As they currently sit with a 2-6 record, much of the chatter involving the Cincinnati Bengals pertains to what the team should do going forward.
Should they completely rebuild and start all over, or is it just a matter of making small changes here and there?
Like the title of this piece states, does it even matter?
When Mike Brown is your owner—with 200 career losses in 314 games since taking over the team in 1991—until he changes how he does business, it's irrelevant who is coaching/quarterbacking this team. It's a broken formula, and we fans have paid the price for it.
Sure, we get the occasional division title, and that ropes us into believing that things are changing in Bengal-land, but the more things change, the more they stay the same.

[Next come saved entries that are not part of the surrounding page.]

(* Let $2\le n\le\infty$, $r\ge1$ and $p,q\in\mathbb Z$. The pushout in $\mathrm{Ch}_n$ of the diagram $0\leftarrow\mathcal ZW^n_r(p,q)\xrightarrow{\iota_r}\mathcal BW^n_r(p,q-1)$ (i.e. the cokernel of $\iota_r$) is isomorphic to $\mathcal ZW^n_r(p+r-1,q+r-2)$.
   Context: Throughout, $R$ is a commutative unital ring. For $1\le n\le\infty$, an $n$-multicomplex is a $\mathbb Z\times\mathbb Z$-bigraded $R$-module $A=\{A^{p,q}\}$ with $R$-linear maps $d_i\colon A\to A$ ($i\ge0$) of bidegree $(-i,1-i)$ such that $\sum_{i+j=l}(-1)^id_id_j=0$ for all $l\ge0$, and $d_i=0$ for all $i\ge n$ (no vanishing condition when $n=\infty$). Morphisms are bidegree $(0,0)$ $R$-linear maps commuting with all $d_i$; the category is denoted $\mathrm{Ch}_n$. Representing objects: $\mathbb D^n(p,q)$ is the free $n$-multicomplex on one generator in bidegree $(p,q)$. $\mathcal ZW^n_0(p,q)=\mathbb D^n(p,q)$ with generator $a_0$. $\mathcal ZW^n_1(p,q)$ is the pushout in $\mathrm{Ch}_n$ of $0\leftarrow\mathbb D^n(p,q+1)\to\mathbb D^n(p,q)$, the right map sending the generator to $d_0a_0$. For $r\ge2$, $\mathcal ZW^n_r(p,q)$ is the pushout in $\mathrm{Ch}_n$ of $\mathcal ZW^n_{r-1}(p,q)\leftarrow\mathbb D^n(p-r+1,q-r+2)\to\mathbb D^n(p-r+1,q-r+1)$, where, writing $x$ for the generator of the middle object and $a_{r-1}$ for that of the right one, the left map sends $x\mapsto\sum_{i=1}^{r-1}(-1)^{i+1}d_ia_{r-1-i}$ and the right map sends $x\mapsto d_0a_{r-1}$; the images of $a_0,\dots,a_{r-1}$ in the pushout are still denoted $a_0,\dots,a_{r-1}$ ($a_i$ has bidegree $(p-i,q-i)$). $\mathcal BW^n_0(p,q-1)=0$, $\mathcal BW^n_1(p,q-1)=\mathbb D^n(p,q-1)$, and for $r\ge2$, $\mathcal BW^n_r(p,q-1)=\mathcal ZW^n_{r-1}(p+r-1,q+r-2)\oplus\mathbb D^n(p,q-1)\oplus\mathcal ZW^n_{r-1}(p-1,q-1)$. The morphism $\iota_r\colon\mathcal ZW^n_r(p,q)\to\mathcal BW^n_r(p,q-1)$: $\iota_0=0$; $\iota_1(a_0)=d_0e$ where $e$ generates $\mathbb D^n(p,q-1)$; for $r\ge2$, writing $b_0,\dots,b_{r-2}$ for the generators of $\mathcal ZW^n_{r-1}(p+r-1,q+r-2)$, $e$ for the generator of $\mathbb D^n(p,q-1)$ and $c_0,\dots,c_{r-2}$ for the generators of $\mathcal ZW^n_{r-1}(p-1,q-1)$, $\iota_r(a_j)=d_je+(-1)^j\sum_{i=j+1}^{r+j-1}(-1)^id_ib_{r+j-1-i}+c_{j-1}$ for $0\le j\le r-1$, with $c_{-1}:=0$. *)

From HB Require Import structures.
From mathcomp Require Import all_boot all_order all_algebra.
Set Implicit Arguments. Unset Strict Implicit. Unset Printing Implicit Defensive.
Import Order.TTheory GRing.Theory Num.Theory.
Local Open Scope ring_scope.

Inductive ninf := NFin of nat | NInf.

(* d_i = 0 is required for i >= n *)
Definition ninf_le (n : ninf) (i : nat) : bool :=
  match n with NFin N => (N <= i)%N | NInf => false end.

Definition ninf_ge2 (n : ninf) : bool :=
  match n with NFin N => (2 <= N)%N | NInf => true end.

Section Defs.
Variable R : comPzRingType.

(* Transport between bidegrees that are (provably) equal; it returns 0 when
   the bidegrees differ, which never happens in the uses below (all uses
   are between equal bidegrees, e.g. (p - j) - i and p - (i + j)). *)
Definition mcast (A : int -> int -> lmodType R) (a b a' b' : int) (x : A a b)
  : A a' b' :=
  match @eqP _ a a', @eqP _ b b' with
  | ReflectT e1, ReflectT e2 =>
      match e1 in _ = a1, e2 in _ = b1 return A a1 b1 with
      | erefl, erefl => x end
  | _, _ => 0
  end.
Arguments mcast A {a b a' b'} x.

(* n-multicomplexes: bigraded R-modules A^{p,q} with R-linear maps
   d_i : A^{p,q} -> A^{p-i, q+1-i}, with sum_{i+j=l} (-1)^i d_i d_j = 0,
   and d_i = 0 for i >= n. *)
Record mcx (n : ninf) := Mcx {
  mobj :> int -> int -> lmodType R;
  md : forall (i : nat) (p q : int),
         {linear mobj p q -> mobj (p - i%:Z) (q + 1 - i%:Z)};
  md_rel : forall (l : nat) (p q : int) (x : mobj p q),
    \sum_(j < l.+1)
       (-1) ^+ (l - j) *: mcast mobj (a' := p - l%:Z) (b' := q + 2 - l%:Z)
          (md (l - j) _ _ (md j p q x)) = 0;
  md_vanish : forall (i : nat) (p q : int) (x : mobj p q),
    ninf_le n i -> md i p q x = 0
}.

Definition dd (n : ninf) (A : mcx n) (i : nat) {p q : int} (x : A p q) :=
  md A i p q x.

Record mhom (n : ninf) (A B : mcx n) := Mhom {
  mfun : forall p q : int, {linear A p q -> B p q};
  mfun_comm : forall (i : nat) (p q : int) (x : A p q),
    mfun _ _ (md A i p q x) = md B i p q (mfun p q x)
}.

Definition app (n : ninf) (A B : mcx n) (f : mhom A B) {p q : int} (x : A p q)
  : B p q := mfun f p q x.

Definition meq (n : ninf) (A B : mcx n) (f g : mhom A B) : Prop :=
  forall p q (x : A p q), app f x = app g x.

Definition is_free (n : ninf) (A : mcx n) (p q : int) (g : A p q) : Prop :=
  forall (B : mcx n) (b : B p q),
    exists f : mhom A B, app f g = b /\
      forall f' : mhom A B, app f' g = b -> meq f' f.

Definition is_zero (n : ninf) (O : mcx n) : Prop :=
  forall p q (x : O p q), x = 0.

Definition is_pushout (n : ninf) (C X Y P : mcx n)
    (f : mhom C X) (g : mhom C Y) (i : mhom X P) (j : mhom Y P) : Prop :=
  (forall p q (x : C p q), app i (app f x) = app j (app g x)) /\
  forall (A : mcx n) (u : mhom X A) (v : mhom Y A),
    (forall p q (x : C p q), app u (app f x) = app v (app g x)) ->
    exists h : mhom P A,
      (forall p q (x : X p q), app h (app i x) = app u x) /\
      (forall p q (y : Y p q), app h (app j y) = app v y) /\
      forall h' : mhom P A,
        (forall p q (x : X p q), app h' (app i x) = app u x) ->
        (forall p q (y : Y p q), app h' (app j y) = app v y) -> meq h' h.
(* Let $\mathcal F$ be a prime lattice filter of an MV-algebra $\mathcal L$. Then $\mathcal K(\mathcal F)\sqsubseteq\!\!\to\mathcal F=\mathcal F$.
   Context: $\mathcal L=(L,\oplus,\lnot,0)$ is an MV-algebra. We write $1=\lnot0$, $x\otimes y=\lnot(\lnot x\oplus\lnot y)$, and $x\to y=\lnot x\oplus y$, and use the usual lattice order. A lattice filter is a nonempty upward-closed subset closed under $\wedge$. It is prime if it is proper and $a\vee b\in\mathcal F$ implies $a\in\mathcal F$ or $b\in\mathcal F$. For an upward-closed set $\mathcal F$ and $a\in L$, let $\mathcal F_a=\{z: z\to a\notin\mathcal F\}$. The kernel of $\mathcal F$ is $\mathcal K(\mathcal F)=\{z : \forall a\notin\mathcal F,\ z\to a\notin\mathcal F\}$, which is contained in $\mathcal F$. For $\mathcal H\subseteq\mathcal G$ we put $\mathcal H\sqsubseteq\!\!\to\mathcal G=\bigcap_{a\in L\setminus\mathcal G}\mathcal H_a$, and in general $\mathcal H\sqsubseteq\!\!\to\mathcal G:=(\mathcal H\cap\mathcal G)\sqsubseteq\!\!\to\mathcal G$. *)

From Stdlib Require Import Classical.

Record MVAlgebra := {
  mv_car :> Type;
  mv_plus : mv_car -> mv_car -> mv_car;
  mv_neg : mv_car -> mv_car;
  mv_zero : mv_car;
  mv_assoc : forall x y z, mv_plus x (mv_plus y z) = mv_plus (mv_plus x y) z;
  mv_comm : forall x y, mv_plus x y = mv_plus y x;
  mv_plus0 : forall x, mv_plus x mv_zero = x;
  mv_negneg : forall x, mv_neg (mv_neg x) = x;
  mv_absorb : forall x, mv_plus x (mv_neg mv_zero) = mv_neg mv_zero;
  mv_luk : forall x y,
    mv_plus (mv_neg (mv_plus (mv_neg x) y)) y =
    mv_plus (mv_neg (mv_plus (mv_neg y) x)) x
}.

Arguments mv_plus {_} _ _.
Arguments mv_neg {_} _.
Arguments mv_zero {_}.

Section MVDefs.
Variable L : MVAlgebra.

Definition mv_one : L := mv_neg mv_zero.
Definition mv_times (x y : L) : L := mv_neg (mv_plus (mv_neg x) (mv_neg y)).
Definition mv_impl (x y : L) : L := mv_plus (mv_neg x) y.
Definition mv_le (x y : L) : Prop := mv_impl x y = mv_one.
Definition mv_meet (x y : L) : L := mv_times x (mv_impl x y).
Definition mv_join (x y : L) : L := mv_plus (mv_times x (mv_neg y)) y.

Definition upward_closed (F : L -> Prop) : Prop :=
  forall x y, F x -> mv_le x y -> F y.

Definition lattice_filter (F : L -> Prop) : Prop :=
  (exists x, F x) /\ upward_closed F /\
  (forall x y, F x -> F y -> F (mv_meet x y)).

Definition proper (F : L -> Prop) : Prop := exists x, ~ F x.

Definition prime_lattice_filter (F : L -> Prop) : Prop :=
  lattice_filter F /\ proper F /\
  (forall a b, F (mv_join a b) -> F a \/ F b).

Definition fiber (F : L -> Prop) (a : L) : L -> Prop :=
  fun z => ~ F (mv_impl z a).

Definition kernel (F : L -> Prop) : L -> Prop :=
  fun z => forall a, ~ F a -> ~ F (mv_impl z a).

(* H [=-> G := (H cap G) [=-> G = intersection over a notin G of (H cap G)_a *)
Definition sqto (H G : L -> Prop) : L -> Prop :=
  fun z => forall a, ~ G a -> fiber (fun w => H w /\ G w) a z.

End MVDefs.

Arguments mv_one {_}.
Arguments mv_impl {_} _ _.
Arguments mv_le {_} _ _.
Arguments mv_meet {_} _ _.
Arguments mv_join {_} _ _.
Arguments upward_closed {_} _.
Arguments lattice_filter {_} _.
Arguments proper {_} _.
Arguments prime_lattice_filter {_} _.
Arguments fiber {_} _ _ _.
Arguments kernel {_} _ _.
Arguments sqto {_} _ _ _.

(* Unfolding the definitions, z lies in K(F) [=-> F iff for every a outside F
   the element z -> a is not in K(F) /\ F.  The two inclusions rest on two
   elementary MV-algebra facts:
   - [impl_self] and [impl_one_l]: z -> z = 1 and 1 -> a = a.  Hence 1 lies in
     the kernel of every set, and 1 lies in any nonempty upward-closed F; so
     for z outside F the choice a := z shows z is not in K(F) [=-> F.
   - [le_impl_impl]: z <= (z -> a) -> a.  If z is in F and z -> a were in K(F)
     for some a outside F, then (z -> a) -> a would be outside F although it
     lies above z, contradicting upward closure. *)
From Stdlib Require Import Classical.

Section MVIdentities.
Variable L : MVAlgebra.

Lemma neg_one : @mv_neg L mv_one = mv_zero.
Proof. unfold mv_one. apply mv_negneg. Qed.

Lemma plus_zero_l (x : L) : mv_plus mv_zero x = x.
Proof. rewrite mv_comm. apply mv_plus0. Qed.

Lemma plus_one_l (x : L) : mv_plus mv_one x = mv_one.
Proof. rewrite mv_comm. apply mv_absorb. Qed.

Lemma le_one (x : L) : mv_le x mv_one.
Proof. unfold mv_le, mv_impl. apply mv_absorb. Qed.

(* x -> x = 1, obtained from the Lukasiewicz axiom with y := 1. *)
Lemma impl_self (x : L) : mv_impl x x = mv_one.
Proof.
  pose proof (mv_luk L x mv_one) as luk.
  unfold mv_one in luk. rewrite !mv_absorb, mv_negneg, plus_zero_l in luk.
  unfold mv_impl, mv_one. congruence.
Qed.

Lemma impl_one_l (a : L) : mv_impl mv_one a = a.
Proof. unfold mv_impl. rewrite neg_one. apply plus_zero_l. Qed.

Lemma le_impl_impl (z a : L) : mv_le z (mv_impl (mv_impl z a) a).
Proof.
  unfold mv_le, mv_impl.
  rewrite mv_luk, (mv_comm L (mv_neg (mv_plus (mv_neg a) z)) z), mv_assoc.
  fold (mv_impl z z). rewrite impl_self. apply plus_one_l.
Qed.

End MVIdentities.

Section KernelArrow.
Variable L : MVAlgebra.
Variable F : L -> Prop.

Lemma kernel_one : kernel F mv_one.
Proof. intros a notFa. rewrite impl_one_l. exact notFa. Qed.

Hypothesis F_nonempty : exists x, F x.
Hypothesis F_up : upward_closed F.

Lemma filter_one : F mv_one.
Proof. destruct F_nonempty as [x Fx]. exact (F_up x mv_one Fx (le_one L x)). Qed.

(* K(F) [=-> F is contained in F: for z outside F, take a := z. *)
Lemma sqto_kernel_sub : forall z, sqto (kernel F) F z -> F z.
Proof.
  intros z in_sqto. apply NNPP. intros notFz.
  apply (in_sqto z notFz). rewrite impl_self.
  exact (conj kernel_one filter_one).
Qed.

(* F is contained in K(F) [=-> F: if z is in F and a is not, then z -> a is
   not in the kernel, as (z -> a) -> a lies above z. *)
Lemma sub_sqto_kernel : forall z, F z -> sqto (kernel F) F z.
Proof.
  intros z Fz a notFa [kernel_za _].
  apply (kernel_za a notFa).
  exact (F_up z _ Fz (le_impl_impl L z a)).
Qed.

End KernelArrow.

Theorem mainTheorem5 (L : MVAlgebra) (F : L -> Prop) :
  prime_lattice_filter F ->
  forall z : L, sqto (kernel F) F z <-> F z.
Proof.
  intros [[F_nonempty [F_up _]] _] z. split.
  - exact (sqto_kernel_sub L F F_nonempty F_up z).
  - exact (sub_sqto_kernel L F F_up z).
Qed.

What does he care, though? Thanks to NFL revenue sharing, he's making money either way, and has a nice, full stadium every Sunday. He also cuts various corners, such as not hiring a GM or any sort of real, legitimate front office.
On numerous occasions, he has also completely undermined the authority of Marvin Lewis, such as when he brought back the late Chris Henry when Lewis wanted nothing to do with him.
Not that Lewis is completely blameless in his whole tenure (another article for another day), but this is one situation where he got wronged, and the players see this stuff and read between the lines. They know what's going on and see who is really in charge.
No legitimate coach is ever going to come here with stuff like that going on combined with the overall cheap ways of the organization. Getting someone like Jon Gruden or Bill Cowher is a pipe dream.
In terms of player personnel, outside of Leon Hall, Johnathan Joseph and arguably Carson Palmer, which of our draft picks have panned out in recent memory? We are still waiting on Andre Smith, Jerome Simpson, Rey Maualuga and Keith Rivers from recent draft classes.
The latter two are solid, but not game changers as of yet, and Rivers, so far, is better known for being destroyed by Hines Ward than anything else.
Jordan Shipley and Jermaine Gresham have shown promise, but will they be properly utilized over the long haul? It's a coaching issue, which goes to show that this whole thing is cyclical.
As for Carson Palmer, his eventual replacement may or may not be on the way, but whomever that guy is, he won't be in any sort of desirable situation.
It's sad to be writing a piece like this, but I'm realistic. Many positions can be filled through the NFL draft, but unfortunately, there isn't an owner draft.